Lemma 2 . A loop at least on one side comes to the edge.

Lemma 3 . Loops can be 0, 1 or 2.

Lemma 4 . Snakes can be 0 or 1. The presence of a Snake breaks the ends of the Path (0 and 200). In the absence of a snake, the ends are side by side.

The minimum horizontal loop length is 1 transition (2 values):

 1 2 4 3 

The minimum length of the Snake horizontal consider two transitions (3 value in the mountains:

 1 2 3 4 

Consider the options:

 Петли Змейка Варианты 0 0 0 – нет такого варианта 0 1 4 - из каждого из углов стартует змейка по вертикали 1 0 200 * 2 - все варианты одной петли 1 1 4 * ? - про этот случай дальше. 2 1 4 * ? - про этот случай дальше: 

Loop and snake. The minimum length of such a piece is 4. 96 left for distribution. How many ways can you make 96 of the two natural terms, counting zeros? 0+96, 1+95 .. 95+1, 96+0 = 97 options. Do not forget to multiply by 2 (the order of the snake and loop), and by 4, because symmetry. +776

In the case when there are 2 loops and a snake, the minimum length of such a construction is 5: ПZП . There are 95 positions left for distribution among the three elements.
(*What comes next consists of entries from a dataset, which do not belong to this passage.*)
Lemma cwl_widen k k' (V : finType) (a : rel V) l : k <= k' -> cwl k a l -> cwl k' a l.
Proof.
move=> kk'; elim=> {V a l}.
- by move=> *; apply: cw_empty.
- by move=> V a l V1 a0 lk; apply: cw_vertex => // x; exact: leq_trans (lk x) kk'.
- by move=> *; apply: cw_union.
- by move=> *; apply: cw_join.
- by move=> V a l i j jk _ C; apply: cw_relab C; exact: leq_trans jk kk'.
- by move=> V W a l b m f *; apply: (@cw_iso _ _ _ a l b m f).
Qed.

(* The new vertex is created with the spare label [P'], joined to the labels
   [P] (and [q]), then relabelled to [P]. *)
Lemma cwl_add_vertex k (V : finType) (a : rel V) (l : V -> nat) (P P' q : nat) (att : bool) :
  cwl k a l -> P < k -> P' < k -> P != P' -> q != P' -> (forall x, l x != P') ->
  cwl k (fun x y : V + unit => match x, y with
     | inl u, inl v => a u v
     | inl u, inr _ | inr _, inl u => (l u == P) || att && (l u == q)
     | inr _, inr _ => false end) (sum_lab l (fun _ => P)).
Proof.
move=> C Pk P'k /negbTE PP' /negbTE qP' l_P'.
have lP' u : (l u == P') = false by exact/negbTE.
have P'P : (P' == P) = false by rewrite eq_sym PP'.
have P'q : (P' == q) = false by rewrite eq_sym qP'.
have C1 : cwl k (fun _ _ : unit => false) (fun _ => P').
  by apply: cw_vertex => //; rewrite card_unit.
have C2 := cw_join (negbT PP') (cw_union C C1).
case: att.
- apply: eq_cwl (cw_relab P' Pk (cw_join (negbT qP') C2)).
  + by move=> [u|[]] [v|[]] /=; rewrite ?eqxx ?PP' ?P'P ?qP' ?P'q ?lP' ?andbF ?andbT ?orbF.
  + by move=> [u|[]] /=; rewrite ?eqxx ?lP'.
- apply: eq_cwl (cw_relab P' Pk C2).
  + by move=> [u|[]] [v|[]] /=; rewrite ?eqxx ?PP' ?P'P ?lP' ?andbF ?andbT ?orbF.
  + by move=> [u|[]] /=; rewrite ?eqxx ?lP'.
Qed.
The task is reduced to the number of compositions 95 out of three terms, counting zeros, and taking into account the order. The formula for the number of compositions of the number n of k terms, including zeros:

 ( n + k - 1 ) скобки высотой две строки ( k - 1 ) 

Let the upper part N = n + k - 1 , and the lower M = k - 1 . Calculated as

  N! ----------- K! * (NK)! 

For 95 and 3 I got 4656 and multiplied by 4. +18624

 Петли Змейка Варианты 0 0 0 0 1 4 1 0 400 1 1 776 2 1 18624 -------------------- 19804 

Result: 19804 . And now lay out a simple, as binary numbers, a trivial solution, which probably is. )
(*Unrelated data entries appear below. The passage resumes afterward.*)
Lemma has_swappable_pair_of_cover M M' v0 :
  matching E M -> matching E M' -> cover M' = cover M ->
  v0 \in cover (M :\: M') -> has_swappable_pair M.
Proof.
move=> HM HM' covM' v0D; set D := M :\: M'.
have sDM : D \subset M := subsetDl M M'.
have edgeD X : X \in D -> is_edge E X by move/(subsetP sDM); exact: matching_edge.
have [a [b [e1D ltab Eab mina]]] := leftmost_edge edgeD v0D.
have e1M := subsetP sDM _ e1D.
have [p [ap_M' Eap pe1 pD1]] := partner_in_cover_setD HM HM' covM' e1D (set21 a b).
have [q [bq_M' Ebq qe1 qD1]] := partner_in_cover_setD HM HM' covM' e1D (set22 a b).
have neqpq : p != q.
  apply: contraNneq pe1 => eqpq.
  rewrite -eqpq in bq_M'; have eqap := matching_eq HM' ap_M' bq_M' (set22 a p) (set22 b p).
  by move: (set21 b p); rewrite -eqap => /set2P[eqba|->]; [rewrite eqba ltnn in ltab|rewrite set22].
have sD1M : D :\ [set a; b] \subset M := subset_trans (subsetDl _ _) sDM.
have [c [d [e2D1 ltcd Ecd minc]]] :=
  leftmost_edge (fun X XD1 => matching_edge HM (subsetP sD1M X XD1)) pD1.
have cD1 := mem_cover e2D1 (set21 c d).
have ce1 := notin_cover_setD1 HM sDM e1M cD1.
have cM := subsetP (coverS sD1M) _ cD1.
have ltac : (ord a < ord c)%N.
  rewrite ltn_neqAle (mina c (subsetP (coverS (subsetDl _ _)) _ cD1)) andbT.
  by apply: contraNneq ce1 => /ord_inj->; rewrite set21.
case: (ltngtP (ord c) (ord b)) => [ltcb|ltbc|/ord_inj eqcb]; last by rewrite eqcb set22 in ce1.
  exact: swappable_of_inner HM e1M ltab Eab cM ce1 ltac ltcb.
apply: (swappable_of_partners HM e1M _ ltab ltbc ltcd Eab Ecd Eap Ebq neqpq) (minc p pD1) (minc q qD1).
- exact: subsetP sD1M _ e2D1.
- exact: subsetP (coverS sD1M) _ pD1.
- exact: subsetP (coverS sD1M) _ qD1.
Qed.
Upd . looking at two independent other results @ pavel-mayorov and @vladd, corrected the error in himself - did not take into account first the order of the snake loop in the 1: 1 variant.

Something like this (did not check):

1. Place the unit in the upper left cell.
2. Record numbers are either a snake or a snake beginning, and then in a straight line to the end and back in the second row. I think this can be a formula.
3. For reasons of symmetry, multiply the answer to 4.
4. To multiply by 2 and subtract 4 is what began with a snake, and ended with a non-degenerate ring, if you go along it in the opposite direction.
5. Add 2 * 196 as rings in two directions with any cell except the corner.

This answer is incorrect, did not take into account options for such a plan:

 2 1 6 7 8 3 4 5 10 9 

Thank you @PavelMayorov for finding this case.

6. Add 2 * 96 designs of the above view.